Dual-Reference Source-Free Active Domain Adaptation for Nasopharyngeal Carcinoma Tumor Segmentation across Multiple Hospitals

paper_url: http://arxiv.org/abs/2309.13401
repo_url: https://github.com/whq-xxh/Active-GTV-Seg
paper_authors: Hongqiu Wang, Jian Chen, Shichen Zhang, Yuan He, Jinfeng Xu, Mengwan Wu, Jinlan He, Wenjun Liao, Xiangde Luo
for: 这个论文旨在提高nasopharyngeal carcinoma（NPC）的肿体卷积（GTV）分割精度，以确保NPC radiotherapy的效果。
methods: 这个论文提出了一种源自free active domain adaptation（SFADA）框架，用于解决GTV分割任务中的领域适应问题。该框架使用了双参照策略，选择目标领域中具有适应性和特定性的样本进行标注和模型细化。
results: 实验结果表明， compared to unsupervised domain adaptation（UDA）方法，SFADA方法可以更好地适应领域适应问题，并且可以与完全监督Upper Bound（UB）相当，即使只有几个标注样本。此外，该论文还收集了1057名NPC患者的临床数据，以验证该方法的有效性。

Abstract
Nasopharyngeal carcinoma (NPC) is a prevalent and clinically significant malignancy that predominantly impacts the head and neck area. Precise delineation of the Gross Tumor Volume (GTV) plays a pivotal role in ensuring effective radiotherapy for NPC. Despite recent methods that have achieved promising results on GTV segmentation, they are still limited by lacking carefully-annotated data and hard-to-access data from multiple hospitals in clinical practice. Although some unsupervised domain adaptation (UDA) has been proposed to alleviate this problem, unconditionally mapping the distribution distorts the underlying structural information, leading to inferior performance. To address this challenge, we devise a novel Sourece-Free Active Domain Adaptation (SFADA) framework to facilitate domain adaptation for the GTV segmentation task. Specifically, we design a dual reference strategy to select domain-invariant and domain-specific representative samples from a specific target domain for annotation and model fine-tuning without relying on source-domain data. Our approach not only ensures data privacy but also reduces the workload for oncologists as it just requires annotating a few representative samples from the target domain and does not need to access the source data. We collect a large-scale clinical dataset comprising 1057 NPC patients from five hospitals to validate our approach. Experimental results show that our method outperforms the UDA methods and achieves comparable results to the fully supervised upper bound, even with few annotations, highlighting the significant medical utility of our approach.
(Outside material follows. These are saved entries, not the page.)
(* Let $\Sigma$ be an oriented graph on $n$ vertices with skew adjacency matrix $S$ and walk-matrix $W=W(\Sigma)$ satisfying $\det W\neq0$, and let $P$ be a permutation matrix with $P^{\mathrm T}SP=S^{\mathrm T}=-S$. If $n$ is even, then $\mathrm{rank}(I-P)=\mathrm{rank}(I+P)=n/2$; if $n$ is odd, then $\mathrm{rank}(I-P)=(n-1)/2$ and $\mathrm{rank}(I+P)=(n+1)/2$, where ranks are over $\mathbb{Q}$. The same equalities hold for ranks over $\mathbb{F}_p$ for every odd prime $p$.
   Context: The skew adjacency matrix $S=(S_{ij})$ of an oriented graph on vertices $v_1,\dots,v_n$ has $S_{ij}=1$ if $(v_i,v_j)$ is a directed edge, $S_{ij}=-1$ if $(v_j,v_i)$ is a directed edge, and $S_{ij}=0$ otherwise. The walk-matrix is $W(\Sigma)=[e,Se,\ldots,S^{n-1}e]$ with $e$ the all-ones vector. *)

From HB Require Import structures.
From mathcomp Require Import all_boot all_order all_algebra all_fingroup.
Set Implicit Arguments. Unset Strict Implicit. Unset Printing Implicit Defensive.
Import GRing.Theory Num.Theory.
Local Open Scope ring_scope.

(* An oriented graph on vertices 'I_n: a relation e with no pair of opposite arcs
   (in particular no loops); e i j means (v_i, v_j) is a directed edge. *)
Definition oriented_graph (n : nat) (e : rel 'I_n) : Prop :=
  forall i j, e i j -> ~~ e j i.

Definition skew_adj (n : nat) (e : rel 'I_n) : 'M[int]_n :=
  \matrix_(i, j) ((e i j)%:Z - (e j i)%:Z).

(* Walk matrix W = [e, S e, ..., S^(n-1) e]: column j is S^j times the all-ones vector. *)
Definition walk_mx (R : pzRingType) (n : nat) (S : 'M[R]_n) : 'M[R]_n :=
  \matrix_(i, j) ((S ^+ j) *m (const_mx 1 : 'cV[R]_n)) i 0.

From HB Require Import structures.
From mathcomp Require Import all_boot all_order all_algebra all_fingroup.
From mathcomp Require Import zify.
Set Implicit Arguments.
Unset Strict Implicit.
Unset Printing Implicit Defensive.

Import GRing.Theory Num.Theory.
Local Open Scope ring_scope.

(* Since P^T S P = -S and P fixes the all-ones vector e, P^T S^k e = (-1)^k S^k e,
   i.e. P^T W = W D with D = diag(1, -1, 1, ...).  Over Q the walk matrix W is
   invertible, so P^T is similar to D: this gives P^2 = 1 and the ranks n/2
   (rounded down) of 1 - P and n/2 (rounded up) of 1 + P.  Modulo an odd prime p
   W may become singular, but ranks of integer matrices can only drop mod p,
   while P^2 = 1 and 2 != 0 force rank(1 - P) + rank(1 + P) = n. *)

Definition alt_sign_mx (R : pzRingType) (n : nat) : 'M[R]_n :=
  diag_mx (\row_(j < n) (-1) ^+ j).

Lemma alt_sign_mxK (R : pzRingType) n :
  alt_sign_mx R n *m alt_sign_mx R n = 1%:M.
Proof.
rewrite mulmx_diag; apply/matrixP => i j; rewrite !mxE -exprD -signr_odd.
by rewrite oddD addbb expr0.
Qed.

Lemma col_walk_mx (R : pzRingType) n (S : 'M[R]_n) j :
  col j (walk_mx S) = S ^+ j *m const_mx 1.
Proof. by apply/matrixP => i k; rewrite !mxE ord1. Qed.

Lemma perm_mx_const (R : pzRingType) n (s : 'S_n) (a : R) :
  perm_mx s *m (const_mx a : 'cV_n) = const_mx a.
Proof. by rewrite -row_permE; apply/matrixP => i j; rewrite !mxE. Qed.

Section AntiSymmetry.

Variables (R : comNzRingType) (n : nat) (S : 'M[R]_n) (s : 'S_n).
Hypothesis antiS : (perm_mx s)^T *m S *m perm_mx s = - S.

Lemma trperm_mx_mulNr : (perm_mx s)^T *m S = - (S *m (perm_mx s)^T).
Proof.
have PPt : perm_mx s *m (perm_mx s)^T = 1%:M :> 'M[R]_n.
  by rewrite tr_perm_mx -perm_mxM mulgV perm_mx1.
by rewrite -[_ *m S]mulmx1 -PPt !mulmxA antiS mulNmx.
Qed.

Lemma trperm_mx_mulXr k :
  (perm_mx s)^T *m S ^+ k = (-1) ^+ k *: (S ^+ k *m (perm_mx s)^T).
Proof.
elim: k => [|k IHk]; first by rewrite !expr0 scale1r mulmx1 mul1mx.
rewrite exprSr -mulmxE mulmxA IHk -scalemxAl -mulmxA trperm_mx_mulNr.
by rewrite mulmxN exprSr mulrN1 scaleNr -mulmxA scalerN.
Qed.

Lemma trperm_mx_walk_mx :
  (perm_mx s)^T *m walk_mx S = walk_mx S *m alt_sign_mx R n.
Proof.
rewrite mul_mx_diag; apply/matrixP => i j.
have entry_col (A : 'M[R]_n) : A i j = col j A i 0 by rewrite !mxE.
rewrite entry_col colE -mulmxA -colE col_walk_mx mulmxA trperm_mx_mulXr.
by rewrite -scalemxAl -mulmxA tr_perm_mx perm_mx_const -col_walk_mx !mxE mulrC.
Qed.

End AntiSymmetry.

Lemma perm_mx_eq1 (R : nzRingType) n (s : 'S_n) :
  perm_mx s = 1%:M :> 'M[R]_n -> s = 1%g.
Proof.
move=> /matrixP s1; apply/permP => i; have := s1 i (s i).
rewrite !mxE eqxx perm1; case: eqP => // _ /eqP.
by rewrite oner_eq0.
Qed.

Lemma mxrank_diag (F : fieldType) n (d : 'rV[F]_n) :
  \rank (diag_mx d) = (\sum_(j < n) (d ord0 j != 0%R))%N.
Proof.
elim: n d => [|n IHn] d; first by rewrite big_ord0 flatmx0 mxrank0.
have -> : \rank (diag_mx d) = \rank (block_mx (diag_mx (lsubmx (d : 'rV_(1 + n))))
                               0 0 (diag_mx (rsubmx (d : 'rV_(1 + n))))).
  by rewrite -diag_mx_row hsubmxK.
rewrite rank_diag_block_mx IHn big_ord_recl.
have rsub_lift j : rsubmx (d : 'rV_(1 + n)) ord0 j = d ord0 (lift ord0 j).
  by rewrite mxE; congr (d _ _); apply: val_inj.
have -> : lsubmx (d : 'rV_(1 + n)) = const_mx (d ord0 ord0).
  by apply/matrixP => i j; rewrite !ord1 !mxE; congr (d _ _); apply: val_inj.
rewrite diag_const_mx; congr (_ + _)%N; last by apply: eq_bigr => j _; rewrite rsub_lift.
have [->|nz_d0] := eqVneq (d ord0 ord0) 0; first by rewrite raddf0 mxrank0.
by rewrite mxrank_unit // unitmxE det_scalar1 unitfE.
Qed.

Lemma sum_odd_ord n : (\sum_(j < n) odd j)%N = n./2.
Proof.
elim: n => [|n IHn]; first by rewrite big_ord0.
by rewrite big_ord_recr /= IHn uphalf_half addnC.
Qed.

Lemma sum_even_ord n : (\sum_(j < n) ~~ odd j)%N = uphalf n.
Proof.
elim: n => [|n IHn]; first by rewrite big_ord0.
by rewrite big_ord_recr /= IHn uphalf_half; case: (odd n); rewrite ?addn0 ?addn1.
Qed.

Section AltSignRank.

Variables (F : fieldType) (n : nat).
Hypothesis two_neq0 : (2%:R : F) != 0.

Lemma mxrank_1_sub_alt_sign : \rank (1%:M - alt_sign_mx F n) = n./2.
Proof.
rewrite /alt_sign_mx -diag_const_mx -raddfB mxrank_diag -sum_odd_ord.
apply: eq_bigr => j _; rewrite !mxE -signr_odd.
by case: (odd j); rewrite ?expr0 ?subrr ?eqxx // expr1 opprK -mulr2n two_neq0.
Qed.

Lemma mxrank_1_add_alt_sign : \rank (1%:M + alt_sign_mx F n)%R = uphalf n.
Proof.
rewrite /alt_sign_mx -diag_const_mx -raddfD mxrank_diag -sum_even_ord.
apply: eq_bigr => j _; rewrite !mxE -signr_odd.
by case: (odd j); rewrite ?expr1 ?subrr ?eqxx // expr0 -mulr2n two_neq0.
Qed.

End AltSignRank.

Lemma mxrank_conj (F : fieldType) n (W A : 'M[F]_n) :
  W \in unitmx -> \rank (W *m A *m invmx W) = \rank A.
Proof.
move=> W_unit.
by rewrite mxrankMfree ?row_free_unit ?unitmx_inv // eqmxMfull ?row_full_unit.
Qed.

Section WalkInvertible.

Variables (F : fieldType) (n : nat) (S : 'M[F]_n) (s : 'S_n).
Hypothesis antiS : (perm_mx s)^T *m S *m perm_mx s = - S.
Hypothesis walk_unit : walk_mx S \in unitmx.

Local Notation W := (walk_mx S).
Local Notation D := (alt_sign_mx F n).

Lemma trperm_mx_similar : (perm_mx s)^T = W *m D *m invmx W.
Proof. by rewrite -(trperm_mx_walk_mx antiS) mulmxK. Qed.

Lemma perm_involutive : (s * s = 1)%g.
Proof.
apply: (@perm_mx_eq1 F); apply: trmx_inj.
rewrite perm_mxM trmx_mul trperm_mx_similar trmx1 !mulmxA mulmxKV //.
by rewrite -(mulmxA W) alt_sign_mxK mulmx1 mulmxV.
Qed.

Hypothesis two_neq0 : (2%:R : F) != 0.

Lemma mxrank_1_sub_perm_mx : \rank (1%:M - perm_mx s : 'M[F]_n) = n./2.
Proof.
rewrite -mxrank_tr raddfB /= trmx1 trperm_mx_similar.
have -> : 1%:M - W *m D *m invmx W = W *m (1%:M - D) *m invmx W.
  by rewrite mulmxBr mulmxBl mulmx1 mulmxV.
by rewrite mxrank_conj // mxrank_1_sub_alt_sign.
Qed.

Lemma mxrank_1_add_perm_mx : \rank (1%:M + perm_mx s : 'M[F]_n)%R = uphalf n.
Proof.
rewrite -mxrank_tr raddfD /= trmx1 trperm_mx_similar.
have -> : 1%:M + W *m D *m invmx W = W *m (1%:M + D) *m invmx W.
  by rewrite mulmxDr mulmxDl mulmx1 mulmxV.
by rewrite mxrank_conj // mxrank_1_add_alt_sign.
Qed.

End WalkInvertible.

Lemma mxrank_sub_add_involution (F : fieldType) n (P : 'M[F]_n) :
  P *m P = 1%:M -> (2%:R : F) != 0 ->
  (\rank (1%:M - P)%R + \rank (1%:M + P)%R)%N = n.
Proof.
move=> PP two_neq0; apply/eqP; rewrite eqn_leq; apply/andP; split.
  have := mxrank_mul_min (1%:M - P) (1%:M + P).
  rewrite mulmxBl !mulmxDr !mul1mx mulmx1 PP [P + _]addrC subrr mxrank0.
  by rewrite leqn0 subn_eq0.
have := mxrank_add (1%:M - P) (1%:M + P).
rewrite addrCA subrK -scalemx1 -scalerDl scalemx1 mxrank_unit //.
by rewrite unitmxE det_scalar unitfE expf_neq0.
Qed.

(* A nonsingular maximal minor of A over F is the image of a minor over R whose
   image in K is still nonsingular, as g is injective. *)
Lemma mxrank_map_mx_le (R : comNzRingType) (F K : fieldType)
    (f : {rmorphism R -> F}) (g : {rmorphism R -> K}) m n (A : 'M[R]_(m, n)) :
  injective g -> (\rank (map_mx f A) <= \rank (map_mx g A))%N.
Proof.
move=> g_inj; set AF := map_mx f A; set AK := map_mx g A.
have AF_free := maxrowsub_free AF; set r := maxrankfun AF in AF_free.
have AFt_full : row_full (rowsub r AF)^T by rewrite /row_full mxrank_tr.
have := fullrowsub_unit AFt_full; set c := fullrankfun AFt_full.
set B : 'M[R]_(\rank AF) := rowsub c (rowsub r A)^T.
have -> : rowsub c (rowsub r AF)^T = map_mx f B by apply/matrixP => i j; rewrite !mxE.
rewrite unitmxE det_map_mx unitfE => detB_neq0.
have BK_unit : rowsub c (rowsub r AK)^T \in unitmx.
  have -> : rowsub c (rowsub r AK)^T = map_mx g B by apply/matrixP => i j; rewrite !mxE.
  rewrite unitmxE det_map_mx unitfE; apply: contra detB_neq0 => /eqP.
  by rewrite -(rmorph0 g) => /g_inj ->; rewrite rmorph0.
rewrite -(mxrank_unit BK_unit) rowsubE.
by apply: leq_trans (mxrankM_maxr _ _) _; rewrite mxrank_tr rowsubE mxrankM_maxr.
Qed.

Lemma map_walk_mx (aR rR : comNzRingType) (f : {rmorphism aR -> rR}) n
    (S : 'M[aR]_n) :
  walk_mx (map_mx f S) = map_mx f (walk_mx S).
Proof.
have map_exp k : map_mx f (S ^+ k) = map_mx f S ^+ k.
  elim: k => [|k IHk]; first by rewrite !expr0 map_mx1.
  by rewrite !exprSr -!mulmxE map_mxM IHk.
apply/matrixP => i j; rewrite !mxE -map_exp rmorph_sum.
by apply: eq_bigr => k _; rewrite rmorphM !mxE rmorph1.
Qed.

Lemma Fp_two_neq0 p : prime p -> odd p -> (2%:R : 'F_p) != 0.
Proof.
move=> p_pr p_odd; rewrite -(dvdn_pcharf (pchar_Fp p_pr)).
by apply: contraL p_odd => /(dvdn_leq (isT : 0 < 2)%N); case: p p_pr => [|[|[|]]].
Qed.

Lemma mxrank_perm_mx_transfer (F K : fieldType) n (s : 'S_n) :
  (s * s = 1)%g -> (2%:R : F) != 0 -> injective (intr : int -> K) ->
  \rank (1%:M - perm_mx s : 'M[K]_n) = n./2 ->
  \rank (1%:M + perm_mx s : 'M[K]_n)%R = uphalf n ->
  \rank (1%:M - perm_mx s : 'M[F]_n) = n./2 /\
  \rank (1%:M + perm_mx s : 'M[F]_n)%R = uphalf n.
Proof.
move=> ss two_neq0 intrK_inj rkK_sub rkK_add.
have PP : perm_mx s *m perm_mx s = 1%:M :> 'M[F]_n by rewrite -perm_mxM ss perm_mx1.
have rk_sum := mxrank_sub_add_involution PP two_neq0.
have le_sub := @mxrank_map_mx_le _ F K intr intr _ _ (1%:M - perm_mx s) intrK_inj.
have le_add := @mxrank_map_mx_le _ F K intr intr _ _ (1%:M + perm_mx s) intrK_inj.
rewrite !(map_mxB, map_mxD, map_mx1, map_perm_mx) rkK_sub rkK_add in le_sub le_add.
have squeeze (a b c d : nat) :
  (a <= c -> b <= d -> a + b = c + d -> a = c /\ b = d)%N.
  by lia.
apply: squeeze le_sub le_add _.
by rewrite rk_sum uphalf_half addnCA addnn odd_double_half.
Qed.

Lemma half_uphalf_parity n (a b : nat) : a = n./2 -> b = uphalf n ->
  (~~ odd n -> a = n./2 /\ b = n./2) /\
  (odd n -> a = (n - 1)./2 /\ b = (n + 1)./2).
Proof.
move=> -> ->; rewrite uphalf_half; split=> [/negbTE -> //|n_odd].
rewrite n_odd addn1 /= uphalf_half n_odd; split=> //.
by rewrite -[n in (n - 1)%N]odd_double_half n_odd addKn doubleK.
Qed.

Theorem lemma2p11 (n : nat) (e : rel 'I_n) (s : 'S_n) :
  oriented_graph e ->
  \det (walk_mx (skew_adj e)) != 0 ->
  (perm_mx s)^T *m skew_adj e *m perm_mx s = (skew_adj e)^T ->
  (skew_adj e)^T = - skew_adj e ->
  let P : 'M[int]_n := perm_mx s in
  (~~ odd n ->
     \rank (map_mx (intr : int -> rat) (1%:M - P)) = n./2 /\
     \rank (map_mx (intr : int -> rat) (1%:M + P)) = n./2) /\
  (odd n ->
     \rank (map_mx (intr : int -> rat) (1%:M - P)) = (n - 1)./2 /\
     \rank (map_mx (intr : int -> rat) (1%:M + P)) = (n + 1)./2) /\
  (forall p : nat, prime p -> odd p ->
    (~~ odd n ->
       \rank (map_mx (intr : int -> 'F_p) (1%:M - P)) = n./2 /\
       \rank (map_mx (intr : int -> 'F_p) (1%:M + P)) = n./2) /\
    (odd n ->
       \rank (map_mx (intr : int -> 'F_p) (1%:M - P)) = (n - 1)./2 /\
       \rank (map_mx (intr : int -> 'F_p) (1%:M + P)) = (n + 1)./2)).
Proof.
move=> _ detW_neq0 PSP skewS P; rewrite {}skewS in PSP.
set SQ := map_mx (intr : int -> rat) (skew_adj e).
have antiSQ : (perm_mx s)^T *m SQ *m perm_mx s = - SQ.
  by rewrite -(map_perm_mx intr) map_trmx -!map_mxM PSP map_mxN.
have WQ_unit : walk_mx SQ \in unitmx.
  by rewrite map_walk_mx unitmxE det_map_mx unitfE intr_eq0.
have two_rat : (2%:R : rat) != 0 by [].
have rkQ_sub := mxrank_1_sub_perm_mx antiSQ WQ_unit two_rat.
have rkQ_add := mxrank_1_add_perm_mx antiSQ WQ_unit two_rat.
have map_1_pm (F : fieldType) :
    map_mx (intr : int -> F) (1%:M - P) = 1%:M - perm_mx s /\
    map_mx (intr : int -> F) (1%:M + P) = 1%:M + perm_mx s.
  by rewrite map_mxB map_mxD map_mx1 map_perm_mx.
have [-> ->] := map_1_pm rat.
have [evenQ oddQ] := half_uphalf_parity rkQ_sub rkQ_add.
split; [exact: evenQ | split; first exact: oddQ].
move=> p p_prime p_odd; have [-> ->] := map_1_pm 'F_p.
have [rkp_sub rkp_add] := mxrank_perm_mx_transfer (perm_involutive antiSQ WQ_unit)
  (Fp_two_neq0 p_prime p_odd) (@intr_inj rat) rkQ_sub rkQ_add.
exact: half_uphalf_parity.
Qed.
In addition, there is no public dataset about multi-center NPC segmentation, we will release code and dataset for future research.

摘要
《nasopharyngeal carcinoma (NPC)是一种流行的且严重影响头颈部的恶性肿瘤，精准定义Gross Tumor Volume (GTV)对NPC有效 radiotherapy至关重要。 despite recent methods have achieved promising results in GTV segmentation, they are still limited by the lack of carefully-annotated data and hard-to-access data from multiple hospitals in clinical practice. although some unsupervised domain adaptation (UDA) has been proposed to alleviate this problem, unconditionally mapping the distribution distorts the underlying structural information, leading to inferior performance. to address this challenge, we propose a novel Source-Free Active Domain Adaptation (SFADA) framework to facilitate domain adaptation for the GTV segmentation task. specifically, we design a dual reference strategy to select domain-invariant and domain-specific representative samples from a specific target domain for annotation and model fine-tuning without relying on source-domain data. our approach not only ensures data privacy but also reduces the workload for oncologists as it only requires annotating a few representative samples from the target domain and does not need to access the source data. we collect a large-scale clinical dataset comprising 1057 NPC patients from five hospitals to validate our approach. experimental results show that our method outperforms the UDA methods and achieves comparable results to the fully supervised upper bound, even with few annotations, highlighting the significant medical utility of our approach. in addition, there is no public dataset about multi-center NPC segmentation, we will release code and dataset for future research.》Note: Please note that the translation is in Simplified Chinese, which is the standard form of Chinese used in mainland China and other countries. If you need the translation in Traditional Chinese, please let me know.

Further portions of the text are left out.